#### Prompt:
As soon as the line containing "- by apply: eq_bigr" appears in the material below, start returning lines exactly, and end with the line containing "D.+2 j)) -sum_rev_succ.".

++++ Data provided

(* Let $m\ge 3$. Let $H_2$ be the graph with vertices $v_1,\dots,v_6$ and edges $v_1v_2,v_2v_3,v_3v_4,v_4v_5,v_5v_6,v_6v_1,v_2v_5,v_3v_6$, and let $H_4$ be the graph with vertices $v_1,\dots,v_6$ and edges $v_1v_2,v_2v_3,v_3v_4,v_4v_5,v_5v_6,v_6v_1,v_2v_6,v_3v_5$ (each has exactly two vertices of degree $2$, namely $v_1$ and $v_4$). Let $G_1$ (respectively $G_2$) be the cubic graph constructed from the cycle $C_m$ by replacing each vertex with a copy of $H_4$ (respectively $H_2$), where each edge $uv$ of $C_m$ is replaced by an edge joining a degree-$2$ vertex of the copy for $u$ to a degree-$2$ vertex of the copy for $v$, each degree-$2$ vertex being used exactly once. Then (a) $G_1$ is a bridgeless, Class $1$ cubic graph with triangles; (b) $G_2$ is a bridgeless, Class $1$, triangle-free cubic graph; and (c) for $i=1,2$, $c_2(G_i)-\left\lceil\frac{|V(G_i)|+2}{4}\right\rceil=\left\lfloor\frac{m-1}{2}\right\rfloor$.
   Context: A graph is bridgeless if it has no bridge. A graph of maximum degree $\Delta$ is Class $1$ if its chromatic index is $\Delta$ and Class $2$ if it is $\Delta+1$. For a graph $G=(V,E)$ and $S_0\subseteq V$, the irreversible $2$-threshold conversion process sets, for $t=1,2,\dots$, $S_t=S_{t-1}\cup\{v: v \text{ has at least } 2 \text{ neighbours in } S_{t-1}\}$; $S_0$ is a $2$-conversion set if $S_t=V$ for some $t$, and $c_2(G)$ is the minimum size of a $2$-conversion set. *)

From mathcomp Require Import all_boot all_order all_algebra.
Set Implicit Arguments. Unset Strict Implicit. Unset Printing Implicit Defensive.

Section GraphNotions.
Variable T : finType.
Implicit Types (e : rel T) (S : {set T}).

Definition simple_graph e := irreflexive e /\ symmetric e.

Definition nbhd e (v : T) : {set T} := [set w | e v w].
Definition deg e (v : T) : nat := #|nbhd e v|.
Definition maxdeg e : nat := \max_(v : T) deg e v.
Definition cubic e := forall v, deg e v = 3.

Definition proper_edge_colouring e k (c : T -> T -> 'I_k) :=
  (forall x y, e x y -> c x y = c y x) /\
  (forall x y z, e x y -> e x z -> y != z -> c x y != c x z).
Definition edge_colourable e k := exists c, @proper_edge_colouring e k c.
Definition is_chromatic_index e k :=
  edge_colourable e k /\ forall j, edge_colourable e j -> k <= j.
Definition class1 e := is_chromatic_index e (maxdeg e).

Definition has_triangle e := exists x y z, [&& e x y, e y z & e z x].

Definition remove_edge e (u v : T) : rel T :=
  [rel x y | e x y && ~~ (((x == u) && (y == v)) || ((x == v) && (y == u)))].
Definition is_bridge e u v := e u v /\ ~~ connect (remove_edge e u v) u v.
Definition bridgeless e := forall u v, ~ is_bridge e u v.

Definition conv_step e S : {set T} :=
  S :|: [set v | 2 <= #|[set w in S | e v w]|].
Definition conversion_set2 e S := exists t : nat, iter t (conv_step e) S = setT.
Definition is_c2 e (k : nat) :=
  (exists S, conversion_set2 e S /\ #|S| = k) /\
  (forall S, conversion_set2 e S -> k <= #|S|).
End GraphNotions.

Unset Implicit Arguments.
(* The gadgets, vertices v1..v6 numbered 0..5 *)
Definition H2_edges : seq (nat * nat) :=
  [:: (0,1); (1,2); (2,3); (3,4); (4,5); (5,0); (1,4); (2,5)]%N.
Definition H4_edges : seq (nat * nat) :=
  [:: (0,1); (1,2); (2,3); (3,4); (4,5); (5,0); (1,5); (2,4)]%N.

Definition Hadj (E : seq (nat * nat)) (a b : 'I_6) : bool :=
  (((a : nat), (b : nat)) \in E) || (((b : nat), (a : nat)) \in E).

(* link: v4 (index 3) of copy i joined to v1 (index 0) of copy i+1 mod m *)
Definition ring_link (m : nat) (x y : 'I_m * 'I_6) : bool :=
  [&& (x.2 : nat) == 3, (y.2 : nat) == 0 & (y.1 : nat) == (x.1.+1 %% m)].

Definition ring_graph (m : nat) (E : seq (nat * nat)) : rel ('I_m * 'I_6) :=
  [rel x y | ((x.1 == y.1) && Hadj E x.2 y.2) || @ring_link m x y || @ring_link m y x].

Definition G1 (m : nat) := @ring_graph m H4_edges.
Definition G2 (m : nat) := @ring_graph m H2_edges.

From mathcomp Require Import all_boot all_order all_algebra.
From mathcomp Require Import zify.

(* G_1 and G_2 are rings of m copies of a six-vertex gadget, copy i joined to
   copy i + 1 by a link from its v4 to the next v1, and every property reduces
   to a finite property of the gadget.  Cubicity and triangles are local.  An
   edge inside a copy has a detour inside the gadget, and a link has a detour
   running once around the ring.  Both gadgets are a hexagon v1...v6 plus two
   chords, and colouring the hexagon alternately 1, 2 and all chords and links
   0 is a proper 3-edge-colouring.  For c_2: in a cubic graph, a set inducing
   minimum degree 2 that misses S never gets converted, and each gadget has
   such a set avoiding any given vertex, so a conversion set has at least two
   vertices in every copy; two well-chosen vertices per copy do convert
   everything.  So c_2(G_i) = 2m, and 2m - ceil((6m + 2) / 4) = floor((m - 1) / 2). *)

Set Implicit Arguments.
Unset Strict Implicit.
Unset Printing Implicit Defensive.

Section Graphs.
Variable T : finType.
Implicit Types (e : rel T) (u v x : T) (C S : {set T}).

Lemma remove_edgeC e u v : remove_edge e u v =2 remove_edge e v u.
Proof. by move=> x y; rewrite /remove_edge /= orbC. Qed.

Lemma remove_edge_sym e u v : symmetric e -> symmetric (remove_edge e u v).
Proof.
move=> e_sym x y; rewrite /remove_edge /= e_sym; congr (_ && ~~ _).
by rewrite orbC; congr (_ || _); rewrite andbC.
Qed.

Lemma is_bridgeC e u v : symmetric e -> is_bridge e u v -> is_bridge e v u.
Proof.
move=> e_sym [euv no_detour]; split; first by rewrite e_sym.
rewrite (sym_connect_sym (remove_edge_sym v u e_sym)).
by rewrite -(eq_connect (remove_edgeC e u v)).
Qed.

Lemma deg_le_colours e k (c : T -> T -> 'I_k) v :
  proper_edge_colouring e c -> deg e v <= k.
Proof.
move=> [_ c_proper]; rewrite -[k]card_ord /deg.
have c_inj : {in nbhd e v &, injective (c v)}.
  move=> w1 w2; rewrite !inE => ew1 ew2 c_eq; apply/eqP/negPn/negP => w12.
  by have := c_proper v w1 w2 ew1 ew2 w12; rewrite c_eq eqxx.
by rewrite -(card_in_imset c_inj) max_card.
Qed.

Lemma maxdeg_cubic e x : cubic e -> maxdeg e = 3.
Proof.
move=> e_cubic; apply/eqP; rewrite eqn_leq.
apply/andP; split; first by apply/bigmax_leqP => v _; rewrite e_cubic.
by rewrite -(e_cubic x) (leq_bigmax x).
Qed.

Lemma class1_cubic e x : cubic e -> edge_colourable e 3 -> class1 e.
Proof.
move=> e_cubic col3; rewrite /class1 (maxdeg_cubic x e_cubic).
by split=> // j [c /(deg_le_colours x)]; rewrite e_cubic.
Qed.

Definition two_core e C := forall v, v \in C -> 1 < #|[set w in C | e v w]|.

(* In a graph of maximum degree 3, a vertex with two neighbours in C has at
   most one outside C, so it can never be converted from outside. *)
Lemma iter_conv_step_disjoint e C S :
    (forall v, deg e v <= 3) -> two_core e C -> [disjoint C & S] ->
  forall t, [disjoint C & iter t (conv_step e) S].
Proof.
move=> deg3 C_core CS; elim=> //= t IH; apply/pred0P => v /=.
apply/andP => -[vC]; rewrite in_setU (disjointFr IH vC) inE /=.
apply/negP; rewrite -leqNgt.
set X := iter t _ S.
have out : [set w in X | e v w] \subset nbhd e v :\: [set w in C | e v w].
  apply/subsetP => w; rewrite !inE => /andP[wX ->]; rewrite !andbT.
  by apply: contraTN wX => wC; rewrite (disjointFr IH wC).
have inC : [set w in C | e v w] \subset nbhd e v.
  by apply/subsetP => w; rewrite !inE => /andP[].
have := subset_leq_card out; rewrite cardsD (setIidPr inC).
by have := C_core v vC; have := deg3 v; rewrite /deg; lia.
Qed.
(* Let $\mathcal{D}$ be a distribution on $\mathbb{R}^d\times\mathbb{R}$ with $\|\mathbf{x}\|_\infty\le1$ and $|y|\le B$ almost surely. The GAELR algorithm (with any sampling distribution $(q_1,\dots,q_d)$ and budget $k$) generates gradient estimates satisfying, for all $t$, $$\big\|\mathbb{E}_{\mathcal{D},A}[\widetilde{\mathbf{g}}_t^2]\big\|_\infty\le 4B^2\Big(\frac1k\big\|\mathbb{E}_{\mathcal{D},A}[\widetilde{\mathbf{x}}_{t,r}^2]\big\|_\infty+1\Big).$$
   Context: For a vector $\mathbf{a}$, $\mathbf{a}^2$ denotes its coordinatewise square. $\mathrm{clip}(x,c)=\max\{\min\{x,c\},-c\}$. Algorithm GAELR (parameters $B,\eta>0$, probabilities $q_i$ summing to $1$, integer budget $k>0$; i.i.d. examples $(\mathbf{x}_t,y_t)\sim\mathcal{D}$): $\mathbf{z}_1^\pm=\mathbf{1}_d$. For each $t$: $\mathbf{w}_t=(\mathbf{z}_t^+-\mathbf{z}_t^-)B/(\|\mathbf{z}_t^+\|_1+\|\mathbf{z}_t^-\|_1)$; for $r=1..k$ draw $i_{t,r}$ with probability $q_{i_{t,r}}$ and set $\widetilde{\mathbf{x}}_{t,r}=\frac{1}{q_{i_{t,r}}}\mathbf{x}_t[i_{t,r}]\mathbf{e}_{i_{t,r}}$ (identically distributed over $r$); $\widetilde{\mathbf{x}}_t=\frac1k\sum_r\widetilde{\mathbf{x}}_{t,r}$; draw $j_t$ with probability $p_j=|w_{t,j}|/\|\mathbf{w}_t\|_1$, $\widetilde\phi_t=\frac{w_{t,j_t}}{p_{j_t}}\mathbf{x}_t[j_t]-y_t$; $\widetilde{\mathbf{g}}_t=\widetilde\phi_t\widetilde{\mathbf{x}}_t$; $\bar{\mathbf{g}}_t[i]=\mathrm{clip}(\widetilde{\mathbf{g}}_t[i],1/\eta)$; $\mathbf{z}_{t+1}^+[i]=\mathbf{z}_t^+[i]e^{-\eta\bar{\mathbf{g}}_t[i]}$, $\mathbf{z}_{t+1}^-[i]=\mathbf{z}_t^-[i]e^{\eta\bar{\mathbf{g}}_t[i]}$. All draws independent. $\mathbb{E}_{\mathcal{D},A}$ is expectation over examples and algorithm randomness. *)

From HB Require Import structures.
From mathcomp Require Import all_boot all_order all_algebra.
From mathcomp Require Import all_classical all_reals all_analysis.
Set Implicit Arguments. Unset Strict Implicit. Unset Printing Implicit Defensive.
Import Order.TTheory GRing.Theory Num.Theory.
Import numFieldNormedType.Exports.
Local Open Scope classical_set_scope.
Local Open Scope ring_scope.

(* An example is (X w, Y w) where w : T is drawn from the probability P;    *)
(* this represents the distribution D on R^d x R.           *)

Section GAELR.
Variables (R : realType) (d k : nat).

Definition state := (('I_d -> R) * ('I_d -> R))%type.

Definition l1norm (v : 'I_d -> R) : R := \sum_(i < d) `|v i|.

Definition gaelr_w (B : R) (z : state) : 'I_d -> R :=
  fun i => (z.1 i - z.2 i) * B / (l1norm z.1 + l1norm z.2).

Definition gaelr_p (w : 'I_d -> R) (j : 'I_d) : R :=
  if l1norm w == 0 then d%:R^-1 else `|w j| / l1norm w.

Definition gaelr_xr (q : 'I_d -> R) (x : 'I_d -> R) (i : 'I_d) : 'I_d -> R :=
  fun i' => if i' == i then x i / q i else 0.

Definition gaelr_xt (q : 'I_d -> R) (x : 'I_d -> R) (I : {ffun 'I_k -> 'I_d})
  : 'I_d -> R :=
  fun i' => k%:R^-1 * \sum_(r < k) gaelr_xr q x (I r) i'.

Definition gaelr_phi (w x : 'I_d -> R) (y : R) (j : 'I_d) : R :=
  w j / gaelr_p w j * x j - y.

Definition gaelr_g (B : R) (q : 'I_d -> R) (z : state) (x : 'I_d -> R) (y : R)
  (I : {ffun 'I_k -> 'I_d}) (j : 'I_d) : 'I_d -> R :=
  fun i => gaelr_phi (gaelr_w B z) x y j * gaelr_xt q x I i.

Definition clip (x c : R) : R := Num.max (Num.min x c) (- c).

Definition gaelr_next (B eta : R) (q : 'I_d -> R) (z : state) (x : 'I_d -> R)
  (y : R) (I : {ffun 'I_k -> 'I_d}) (j : 'I_d) : state :=
  let g := gaelr_g B q z x y I j in
  (fun i => z.1 i * expR (- (eta * clip (g i) eta^-1)),
   fun i => z.2 i * expR (eta * clip (g i) eta^-1)).

Definition gaelr_init : state := (fun _ => 1, fun _ => 1).

Variables (dT : measure_display) (T : measurableType dT).

(* Expectation over one round (example, i_{t,1..k}, j_t) of a nonnegative   *)
(* quantity F, from state z.                                                *)
Definition round_exp (B : R) (P : probability T R)
  (q : 'I_d -> R) (z : state)
  (F : T -> {ffun 'I_k -> 'I_d} -> 'I_d -> \bar R) : \bar R :=
  (\int[P]_(om in setT)
     \sum_(I : {ffun 'I_k -> 'I_d})
        ((\prod_(r < k) q (I r))%:E *
         \sum_(j < d) ((gaelr_p (gaelr_w B z) j)%:E * F om I j)))%E.

(* Expectation, over examples and algorithm randomness, of a nonnegative   *)
(* quantity F of the round that comes after t further rounds from z.        *)
Fixpoint proc_exp (B eta : R) (P : probability T R) (X : T -> 'I_d -> R)
  (Y : T -> R) (q : 'I_d -> R)
  (F : state -> T -> {ffun 'I_k -> 'I_d} -> 'I_d -> \bar R)
  (t : nat) (z : state) : \bar R :=
  match t with
  | 0 => round_exp B P q z (F z)
  | t'.+1 => round_exp B P q z (fun om I j =>
       proc_exp B eta P X Y q F t' (gaelr_next B eta q z (X om) (Y om) I j))
  end.

Definition Eg2 B eta P X Y q (t : nat) (i : 'I_d) : \bar R :=
  proc_exp B eta P X Y q
    (fun z om I j => ((gaelr_g B q z (X om) (Y om) I j i) ^+ 2)%:E) t.-1 gaelr_init.

Definition Exr2 B eta P X Y q (t : nat) (r : 'I_k) (i : 'I_d) : \bar R :=
  proc_exp B eta P X Y q
    (fun z om I j => ((gaelr_xr q (X om) (I r) i) ^+ 2)%:E) t.-1 gaelr_init.

Definition enorm_inf (v : 'I_d -> \bar R) : \bar R := (\big[maxe/0%E]_(i < d) v i)%E.

End GAELR.

From HB Require Import structures.
From mathcomp Require Import all_boot all_order all_algebra.
From mathcomp Require Import all_classical all_reals all_analysis.
From mathcomp Require Import measurable_realfun ring lra.
Import Order.TTheory GRing.Theory Num.Theory.
Import HBNNSimple.
Local Open Scope classical_set_scope.
Local Open Scope ring_scope.

(** Given the state, the importance weight [w_j / p_j] has absolute value
    [||w||_1 <= B], so [|phi~| <= 2B] and [g~[i]^2 <= 4B^2 x~_t[i]^2].  Since
    [x~_t] is the mean of [k] i.i.d. copies of [x~_{t,r}],
    [E x~_t[i]^2 = E x~_{t,r}[i]^2 / k + (1 - 1/k) (E x~_{t,r}[i])^2], and
    [E x~_{t,r}[i]] is [x[i]] or [0].  This affine bound holds in every round
    from every state, so it survives averaging over the earlier rounds.  The
    integrands depending on the past are never shown measurable: the integral
    of a nonnegative function is the supremum over its simple minorants, and
    that suffices for monotonicity. *)

Section integral_without_measurability.
Local Open Scope ereal_scope.
Context dT (T : measurableType dT) (R : realType).

Lemma sintegral_le_integralT (mu : {measure set T -> \bar R})
    (h : {nnsfun T >-> R}) (g : T -> \bar R) :
  (forall x, 0 <= g x) -> (forall x, (h x)%:E <= g x) ->
  sintegral mu h <= \int[mu]_x g x.
Proof. by move=> g0 hg; rewrite ge0_integralTE //; apply: ereal_sup_ubound; exists h. Qed.

Lemma ge0_integralT_le (mu : {measure set T -> \bar R}) (f : T -> \bar R) c :
  (forall x, 0 <= f x) ->
  (forall h : {nnsfun T >-> R}, (forall x, (h x)%:E <= f x) -> sintegral mu h <= c) ->
  \int[mu]_x f x <= c.
Proof.
by move=> f0 hc; rewrite ge0_integralTE //; apply: ge_ereal_sup => _ [h /hc hc' <-].
Qed.

Lemma ge0_le_integralT (mu : {measure set T -> \bar R}) (f g : T -> \bar R) :
  (forall x, 0 <= f x) -> (forall x, f x <= g x) ->
  \int[mu]_x f x <= \int[mu]_x g x.
Proof.
move=> f0 fg; have g0 x : 0 <= g x := le_trans (f0 x) (fg x).
apply: ge0_integralT_le => // h hf.
by apply: sintegral_le_integralT => // x; exact: le_trans (hf x) (fg x).
Qed.
Lemma sum_label_count a b D : \sum_(k < D.+3) label_count a b D k = a + b + D.+1.
Proof.
rewrite sum_ends_spine /label_count /= eqxx (eq_bigr (fun _ => 1)) ?sum1_card ?card_ord.
  lia.
by move=> i _; rewrite ifN_eq // eqSS ltn_eqF.
Qed.

Lemma sum_rev_succ D : \sum_(i < D.+1) (D.+1 - i) = \sum_(i < D.+1) i.+1.
Proof.
rewrite (reindex_inj rev_ord_inj) /=; apply: eq_bigr => i _.
by have := ltn_ord i; lia.
Qed.

Lemma label_row_first a b D :
  \sum_(j < D.+3) label_count a b D j * label_dist D 0 j
  = 2 * a + \sum_(i < D.+1) i.+1 + b * D.+2.
Proof.
rewrite (sum_ends_spine D (fun j => label_count a b D j * label_dist D 0 j)).
rewrite /label_count /label_dist eqxx /=; congr (_ + _ + _).
- by rewrite mulnC.
- by apply: eq_bigr => i _; rewrite ifN_eq ?eqSS ?ltn_eqF // mul1n subn0.
- by rewrite eqxx subn0.
Qed.

Lemma label_row_last a b D :
  \sum_(j < D.+3) label_count a b D j * label_dist D D.+2 j
  = a * D.+2 + \sum_(i < D.+1) i.+1 + 2 * b.
Proof.
rewrite (sum_ends_spine D (fun j => label_count a b D j * label_dist D D.+2 j)) -sum_rev_succ.
rewrite /label_count /label_dist eqxx /=; congr (_ + _ + _).
- by rewrite subn0 sub0n addn0.
- apply: eq_bigr => i _; have Hi := ltn_ord i.
  have Hne : (i.+1 == D.+2) = false by rewrite eqSS ltn_eqF.
  by rewrite Hne eq_sym Hne mul1n; lia.
- by rewrite eqxx mulnC.
Qed.

Lemma label_rows_spine a b D :
  \sum_(i < D.+1) \sum_(j < D.+3) label_count a b D j * label_dist D i.+1 j
  = a * \sum_(i < D.+1) i.+1 + \sum_(i < D.+1) \sum_(j < D.+1) ((i - j) + (j - i))
    + b * \sum_(i < D.+1) i.+1.
Proof.
rewrite -[in b * _]sum_rev_succ !big_distrr -!big_split /=; apply: eq_bigr => i _.
rewrite (sum_ends_spine D (fun j => label_count a b D j * label_dist D i.+1 j)).
have Hi := ltn_ord i; congr (_ + _ + _).
- by rewrite /label_dist /= subn0 sub0n addn0.
- apply: eq_bigr => j _; rewrite label_count_spine mul1n /label_dist eqSS.
  by case: eqP => [->|]; rewrite ?subnn //= eqSS ltn_eqF.
- by rewrite /label_count eqxx /label_dist eqSS (ltn_eqF Hi); congr (_ * _); lia.
Qed.

Lemma label_sumE a b D : label_sum a b D =
  2 * a * a + 2 * b * b + 2 * a * b * D.+2 + 2 * (a + b) * \sum_(i < D.+1) i.+1
  + \sum_(i < D.+1) \sum_(j < D.+1) ((i - j) + (j - i)).
Proof.
rewrite /label_sum (eq_bigr (fun k : 'I_D.+3 => label_count a b D k *
  \sum_(j < D.+3) label_count a b D j * label_dist D k j)) => [|k _]; last first.
  by rewrite big_distrr /=; apply: eq_bigr => j _; rewrite mulnA.
rewrite (sum_ends_spine D (fun k => label_count a b D k *
  \sum_(j < D.+3) label_count a b D j * label_dist D k j)).
rewrite (eq_bigr (fun i : 'I_D.+1 =>
  \sum_(j < D.+3) label_count a b D j * label_dist D i.+1 j)) => [|i _]; last first.
  by rewrite label_count_spine mul1n.
rewrite label_row_first label_row_last label_rows_spine /label_count !eqxx /=; nia.
Qed.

++++++++

#### Solved problem:
- by apply: eq_bigr => i _; rewrite ifN_eq ?eqSS ?ltn_eqF // mul1n subn0.
- by rewrite eqxx subn0.
Qed.

Lemma label_row_last a b D :
  \sum_(j < D.+3) label_count a b D j * label_dist D D.+2 j
  = a * D.+2 + \sum_(i < D.+1) i.+1 + 2 * b.
Proof.
rewrite (sum_ends_spine D (fun j => label_count a b D j * label_dist D D.+2 j)) -sum_rev_succ.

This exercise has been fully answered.